Its like wanting a gold medal for a great chocolate chip cookie recipe – again; Have we not already established a thousand times over that people LOVE chocolate chip cookies? (much like the hits you sample) ……but suddenly were all to bow down to your greatness and make you rich? I dont think so.


Larry said:

I think the “history” of sampling really started before the technology existed – in the sense that DJs were mixing in parts of what was in one LP track while another track was playing. (Jungle?) So originally, the quality of what you were producing depended on your mixing skill. If you sucked, it sucked. And if you were good, it was like Sugar Hill Gang. Creative use of “primitive” equipment. Then the computer came along and it became harder to judge who practiced more vs. spent more. And the question of something being derivative perhaps became more complicated to discuss. This question probably upsets older music lovers because they remember when people had to play an instrument and be in a band and looping tech wasn’t part of the scene. imho


keyway said:

this is art. F*** yo rights. you can not control creativeness. you can put all the rules on it you want but people will do what they want. i sample and i wont clear any and if they sue me then i should be in a position to make even more money so it dont really matter to me


ledale said:

i agree with Larry. Being a DJ in the late 70’s, you can consider cuttin and scratchin a form of sampling. Sometimes a vocal cut of one song was overlayed on an instrumental of another song to create something both familiar and new. Was that considered sampling or was it creativity?

Shayne O'Neill

Shayne O'Neill said:

As a musician people expect me to dislike sampling, but I disagree. Culture has alway had aspects of bricolage. Even back before the industrial revolution bards would take existing songs, re-arrange the lyrics around and create new songs. Blues largely works off the same 12 bar pattern with variations. Poets take inspiration from other poems and rearange the ideas into new ideas. So for me, its just another tool in the toolbox. Sure I might dislike what someones done with my art, but its their art now, and deserves respect for that.

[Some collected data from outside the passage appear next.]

Lemma comonotone_split_eq_mem D L L' :
  L =i L' -> comonotone_split D L -> comonotone_split D L'.
Proof.
move=> LL' DL_split; have L0 := comonotone_split_neq0 DL_split.
case: DL_split => D0 DL DLs.
split=> // [x|s]; first by rewrite DL LL'.
by rewrite DLs (maxaff_eq_mem L0 LL').
Qed.

(* The intercept [b] of a line of maximal slope is split as [beta + (b - beta)], with
   [beta] chosen so that on the comonotone curve the new line is active in both
   summands or in neither. *)
Lemma comonotone_split_cons D L a b : comonotone_split D L ->
  (forall l, l \in L -> l.1 <= a) ->
  exists beta, comonotone_split ((a, beta, b - beta) :: D) ((a, b) :: L).
Proof.
move=> DL_split La; have L0 := comonotone_split_neq0 DL_split.
case: DL_split => D0 DL DLs.
have D1_0 : map line_fst D != [::] by rewrite -size_eq0 size_map size_eq0.
have D2_0 : map line_snd D != [::] by rewrite -size_eq0 size_map size_eq0.
have Da e : e \in D -> e.1.1 <= a by move=> eD; apply: (La (line_sum e)); rewrite -DL map_f.
have D1a l : l \in map line_fst D -> l.1 <= a by move=> /mapP [e /Da ? ->].
have D2a l : l \in map line_snd D -> l.1 <= a by move=> /mapP [e /Da ? ->].
pose p s := maxaff (map line_fst D) (f s) - a * f s.
pose q s := b - (maxaff (map line_snd D) (g s) - a * g s).
have p_anti : {homo p : s t /~ s <= t}.
  by move=> s t st; apply: maxaff_subr_antitone => //; exact: f_mono.
have q_mono : {homo q : s t / s <= t}.
  by move=> s t st; rewrite lerD2l lerN2; apply: maxaff_subr_antitone => //; exact: g_mono.
have [beta between] := exists_between p_anti q_mono.
exists beta; split=> // [x|s].
  by rewrite /= !inE DL /line_sum /= [beta + _]addrC subrK.
rewrite !map_cons !maxaff_cons //.
by rewrite -DLs /line /= mulrDr; apply: max_add_between; exact: between.
Qed.

Lemma exists_comonotone_split L : L != [::] -> exists D, comonotone_split D L.
Proof.
elim: {L}(size L) {-2}L (erefl (size L)) => [|n IHn] L sL L0; first by case: L sL L0.
have [lm lmL Llm] := max_slope_line L0.
have LlmL' : lm :: rem lm L =i L by apply/perm_mem; rewrite perm_sym perm_to_rem.
have [L'0|L'0] := eqVneq (rem lm L) [::].
  exists [:: (lm.1, lm.2, 0)]; apply: comonotone_split_eq_mem LlmL' _.
  by rewrite L'0; exact: comonotone_split1.
have sL' : size (rem lm L) = n by rewrite size_rem // sL.
have [D' D'L'] := IHn _ sL' L'0.
have L'lm l : l \in rem lm L -> l.1 <= lm.1 by move=> /mem_rem /Llm.
have [beta split] := comonotone_split_cons lm.2 D'L' L'lm.
exists ((lm.1, beta, lm.2 - beta) :: D'); apply: comonotone_split_eq_mem split.
by rewrite -surjective_pairing.
Qed.

End comonotone_split.

Section tangent_approximation.
Context (R : realType) (u : R -> R).
Hypothesis u_cvx : convex_function (E := R^o) setT u.

Definition tangent k : R * R := (lderiv u k, u k - lderiv u k * k).

Lemma line_tangent_le k t : line (tangent k) t <= u t.
Proof. by have := tangent_le u_cvx k t; rewrite /line /=; lra. Qed.

Definition rat_points n : seq R := map ratr (pmap (@unpickle rat) (iota 0 n)).

Definition tangent_approx l0 n := l0 :: map tangent (rat_points n).

Lemma rat_points_sub n m : (n <= m)%N -> {subset rat_points n <= rat_points m}.
Proof.
move=> nm x /mapP [q]; rewrite mem_pmap => /mapP [i]; rewrite mem_iota /= => ni qi ->.
apply: map_f; rewrite mem_pmap; apply/mapP; exists i => //.
by rewrite mem_iota /= (leq_trans ni).
Qed.

Lemma tangent_approx_le l0 n t :
  maxaff (tangent_approx l0 n) t <= Num.max (line l0 t) (u t).
Proof.
apply: maxaff_le => // l; rewrite inE => /predU1P [->|/mapP [k _ ->]].
  by rewrite le_max lexx.
by rewrite le_max line_tangent_le orbT.
Qed.

Lemma tangent_approx_homo l0 t :
  {homo (fun n => maxaff (tangent_approx l0 n) t) : n m / (n <= m)%N >-> n <= m}.
Proof.
move=> n m nm; apply: maxaff_le => // l; rewrite inE => /predU1P [->|/mapP [k kn ->]].
  by apply: maxaff_ge; rewrite mem_head.
by apply: maxaff_ge; rewrite inE map_f ?orbT // (rat_points_sub nm).
Qed.

(* Tangents at rationals [q] slightly to the right of [t] are nearly exact at [t]. *)
Lemma tangent_approx_near l0 t eps : 0 < eps ->
  exists N, u t - eps <= maxaff (tangent_approx l0 N) t.
Proof.
move=> eps0; set K := slope u (t + 1) (t + 2) - lderiv u t.
set del := Num.min 1 (eps / (`|K| + 1)).
have K1 : 0 < `|K| + 1 by rewrite ltr_pwDr.
have del0 : 0 < del by rewrite lt_min ltr01 divr_gt0.
have [q] : exists q : rat, ratr q \in `]t, t + del[ by apply: rat_in_itvoo; rewrite ltrDl.
rewrite in_itv /= => /andP [tq qtdel].
exists (pickle q).+1; apply: le_trans (_ : line (tangent (ratr q)) t <= _).
  have del1 : del <= 1 by rewrite ge_min lexx.
  have delK : del * (`|K| + 1) <= eps by rewrite -ler_pdivlMr // ge_min lexx orbT.
  have qt1 : ratr q <= t + 1 by rewrite ltW // (lt_le_trans qtdel) // lerD2l.
  have := tangent_near u_cvx tq qt1.
  have := ler_norm K; have := lerNnormlW (lexx `|K|); rewrite /line /= -/K; nra.
apply: maxaff_ge; rewrite inE map_f ?orbT //; apply: map_f.
by rewrite mem_pmap; apply/mapP; exists (pickle q); rewrite ?pickleK // mem_iota add0n ltnSn.
Qed.

Lemma tangent_approx_cvg l0 t :
  (fun n => maxaff (tangent_approx l0 n) t) @ \oo --> Num.max (line l0 t) (u t).
Proof.
apply/cvgrPdist_le => eps eps0; have [N HN] := tangent_approx_near l0 t eps0.
exists N => // n /= Nn; have le_max_n := tangent_approx_le l0 n t.
have le_n := tangent_approx_homo l0 t Nn.
have l0_le : line l0 t <= maxaff (tangent_approx l0 n) t by apply: maxaff_ge; rewrite mem_head.
by rewrite ger0_norm ?subr_ge0 // lerBlDr ge_max; apply/andP; split; lra.
Qed.

Lemma convex_measurable : measurable_fun setT u.
Proof.
apply: (measurable_fun_cvg (h := fun n => maxaff (tangent_approx (tangent 0) n))).
  by move=> n; exact: maxaff_measurable.
by move=> t _; rewrite -[u t](max_r (line_tangent_le 0 t)); exact: tangent_approx_cvg.
Qed.

End tangent_approximation.

Section convex_order.
Context (d : measure_display) (T : measurableType d) (R : realType).
Variable P : probability T R.
Local Open Scope ereal_scope.

Lemma measurable_EFin_comp (h : R -> R) (U : T -> R) : measurable_fun setT h ->
  measurable_fun setT U -> measurable_fun setT (fun x => (h (U x))%:E).
Proof. by move=> mh mU; apply/measurable_EFinP; exact: measurableT_comp. Qed.

Lemma integral_same_law (U V : T -> R) (h : R -> R) :
  measurable_fun setT U -> measurable_fun setT V -> same_law P U V ->
  measurable_fun setT h -> (forall y, (0 <= h y)%R) ->
  \int[P]_x (h (U x))%:E = \int[P]_x (h (V x))%:E.
Proof.
move=> mU mV UV mh h0.
have mhE : measurable_fun setT (fun y => (h y)%:E) by apply/measurable_EFinP.
have h0E : {in setT, forall y, 0 <= (h y)%:E} by move=> y _; rewrite lee_fin.
rewrite -[LHS](ge0_integral_pushforward mU _ measurableT mhE h0E) /=.
rewrite -[RHS](ge0_integral_pushforward mV _ measurableT mhE h0E) /=.
by apply: eq_measure_integral => A mA _ /=; rewrite /pushforward UV.
Qed.

Lemma integralD_ge0_comp (h1 h2 : R -> R) (U V : T -> R) :
  measurable_fun setT h1 -> measurable_fun setT h2 ->
  measurable_fun setT U -> measurable_fun setT V ->
  (forall y, (0 <= h1 y)%R) -> (forall y, (0 <= h2 y)%R) ->
  \int[P]_x ((h1 (U x))%:E + (h2 (V x))%:E) =
  \int[P]_x (h1 (U x))%:E + \int[P]_x (h2 (V x))%:E.
Proof.
move=> mh1 mh2 mU mV h10 h20.
by apply: ge0_integralD => // [x _||x _|]; rewrite ?lee_fin //;
  exact: measurable_EFin_comp.
Qed.

Lemma cx_le_ge0 (U V : T -> R) (psi : R -> R) : cx_le P U V ->
  convex_function (E := R^o) setT psi -> (forall y, (0 <= psi y)%R) ->
  \int[P]_x (psi (U x))%:E <= \int[P]_x (psi (V x))%:E.
Proof.
have welldef_ge0 (F : T -> R) : (forall x, (0 <= F x)%R) -> expectation_welldef P F.
  move=> F0; right; rewrite (eq_integral (fun _ => 0)) ?integral0 ?ltry // => x _.
  by rewrite (max_r _) // oppr_le0.
by move=> UV psi_cvx psi0; apply: UV => //; apply: welldef_ge0 => x; exact: psi0.
Qed.

End convex_order.

Lemma ge0_lee_sub_cross (R : realType) (pa na pb nb : \bar R) :
  (0 <= pa -> 0 <= na -> 0 <= pb -> 0 <= nb -> pb < +oo \/ nb < +oo ->
  pa + nb <= pb + na -> pa - na <= pb - nb)%E.
Proof.
case: pa => [a||] //; case: na => [a'||] //; case: pb => [b||] //; case: nb => [b'||] //=;
  rewrite ?lee_fin ?leey ?leNye // => _ _ _ _ []; rewrite ?ltxx //; lra.
Qed.

Lemma max_add_min_opp (R : realType) (y r : R) : 0 <= r ->
  Num.max y (- r) + r + Num.min (Num.max (- y) 0) r = Num.max y 0 + r.
Proof.
move=> r0; have [y0|y0] : 0 <= y \/ y <= 0 by apply/orP; exact: le_total.
  have [ry ny0] : - r <= y /\ - y <= 0 by split; lra.
  by rewrite (max_l ry) (max_r ny0) (min_l r0) (max_l y0) addr0.
have ny0 : 0 <= - y by lra.
rewrite (max_r y0) (max_l ny0).
have [ry|yr] : - r <= y \/ y <= - r by apply/orP; exact: le_total.
  by rewrite (max_l ry) (min_l (_ : - y <= r)) ?add0r; lra.
by rewrite (max_r yr) (min_r (_ : r <= - y)) ?add0r; lra.
Qed.

Section integral_truncation.
Context (d : measure_display) (T : measurableType d) (R : realType).

Lemma integral_min_cvg (mu : {measure set T -> \bar R}) (F : T -> R) :
  measurable_fun setT F -> (forall x, 0 <= F x) ->
  (\int[mu]_x (Num.min (F x) n%:R)%:E)%E @[n --> \oo] --> (\int[mu]_x (F x)%:E)%E.
Proof.
move=> mF F0; have := @cvg_monotone_convergence _ _ _ mu _ measurableT
  (fun n x => (Num.min (F x) n%:R)%:E).
rewrite (eq_integral (fun x => (F x)%:E)) => [|x _]; first apply.
- move=> n; apply/measurable_EFinP.
  by apply: measurable_minr => //; exact: measurable_cst.
- by move=> n x _; rewrite lee_fin le_min F0 ler0n.
- by move=> x _ n m nm; rewrite lee_fin le_min ge_min lexx ge_min ler_nat nm !orbT.
apply/cvg_lim => //; apply: cvg_near_cst; apply: filterS (nbhs_infty_ger (F x)).
by move=> n Fn; rewrite min_l.
Qed.

Lemma integral_max0 (mu : {measure set T -> \bar R}) (h : T -> R) :
  (\int[mu]_x (h x)%:E =
   \int[mu]_x (Num.max (h x) 0)%:E - \int[mu]_x (Num.max (- h x) 0)%:E)%E.
Proof.
rewrite integralE; congr (\int[mu]_x _ - \int[mu]_x _)%E; apply/funext => x.
  by rewrite funeposE EFin_max.
by rewrite funenegE EFin_max.
Qed.

Variable P : probability T R.

Lemma integral_truncation (h : T -> R) (n : nat) : measurable_fun setT h ->
  (\int[P]_x (Num.max (h x) (- n%:R) + n%:R)%:E +
   \int[P]_x (Num.min (Num.max (- h x) 0) n%:R)%:E =
   \int[P]_x (Num.max (h x) 0)%:E + n%:R%:E)%E.
Proof.
move=> mh; have n0 : 0 <= n%:R :> R by [].
have mneg : measurable_fun setT (fun x => Num.max (- h x) 0).
  by apply: measurable_maxr; [exact: measurable_funN|exact: measurable_cst].
rewrite -ge0_integralD //; first last.
- by apply/measurable_EFinP; apply: measurable_minr => //; exact: measurable_cst.
- by move=> x _; rewrite lee_fin le_min le_max lexx orbT.
- apply/measurable_EFinP; apply: measurable_funD; last exact: measurable_cst.
  by apply: measurable_maxr => //; exact: measurable_cst.
- by move=> x _; rewrite lee_fin -lerBlDr sub0r le_max lexx orbT.
under eq_integral do rewrite -EFinD max_add_min_opp // EFinD.
rewrite ge0_integralD //; first last.
- by apply/measurable_EFinP; apply: measurable_maxr => //; exact: measurable_cst.
- by move=> x _; rewrite lee_fin le_max lexx orbT.
by rewrite integral_cst // -[X in (_ * X)%E]/(P setT) probability_setT mule1.
Qed.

So by all means, sample the shit out of my music. Just make whatever you create good.

Robert Shelton

Robert Shelton said:

This article has a very circular feeling to it, for me, in that I feel like these people embedding a video in their articles EXACTLY LIKE THIS ONE, and writing a very short article with no substantive addition to the content of the video, then monetizing their article should be required to pay the creator of the original product, just the way musicians should be payed by the rappers that are reselling their product.
This is really the exact same behavior.


Jeb said:

I don’t think sampling crushes talent, or sends kids the wrong message about making music. I think it shows more creativity than going on American Idol, or playing in a cover band. No one is saying that sampling is the only way kids are allowed to make music, moving forward. Any kid can go buy a synth or guitar, and create something fresh.

There are artists, like DJ Shadow, that make very complex pieces, irreducible to the samples used. There are other’s that are overly plagiaristic, and while I don’t gravitate to that style, someone does, and another’s musical interests should be theirs to decide. I’m sure you listen to music that has identical sonic characteristics to work that preceded it. In my opinion it is a moot point to argue the semantics.

Go make the music in the way you want to, and listen to the artists that vibe with you. You didn’t invent the Gregorian scale. You didn’t invent the DAW. You didn’t invent amplification or oscillators. If a sampling artist bites someone else’s work and finds an audience, good for them. Don’t be bitter. Nirvana did it, too.

Bobby O

Bobby O said:

Stop bitching, people…music creation is beautiful, and there is NO wrong way to do it!!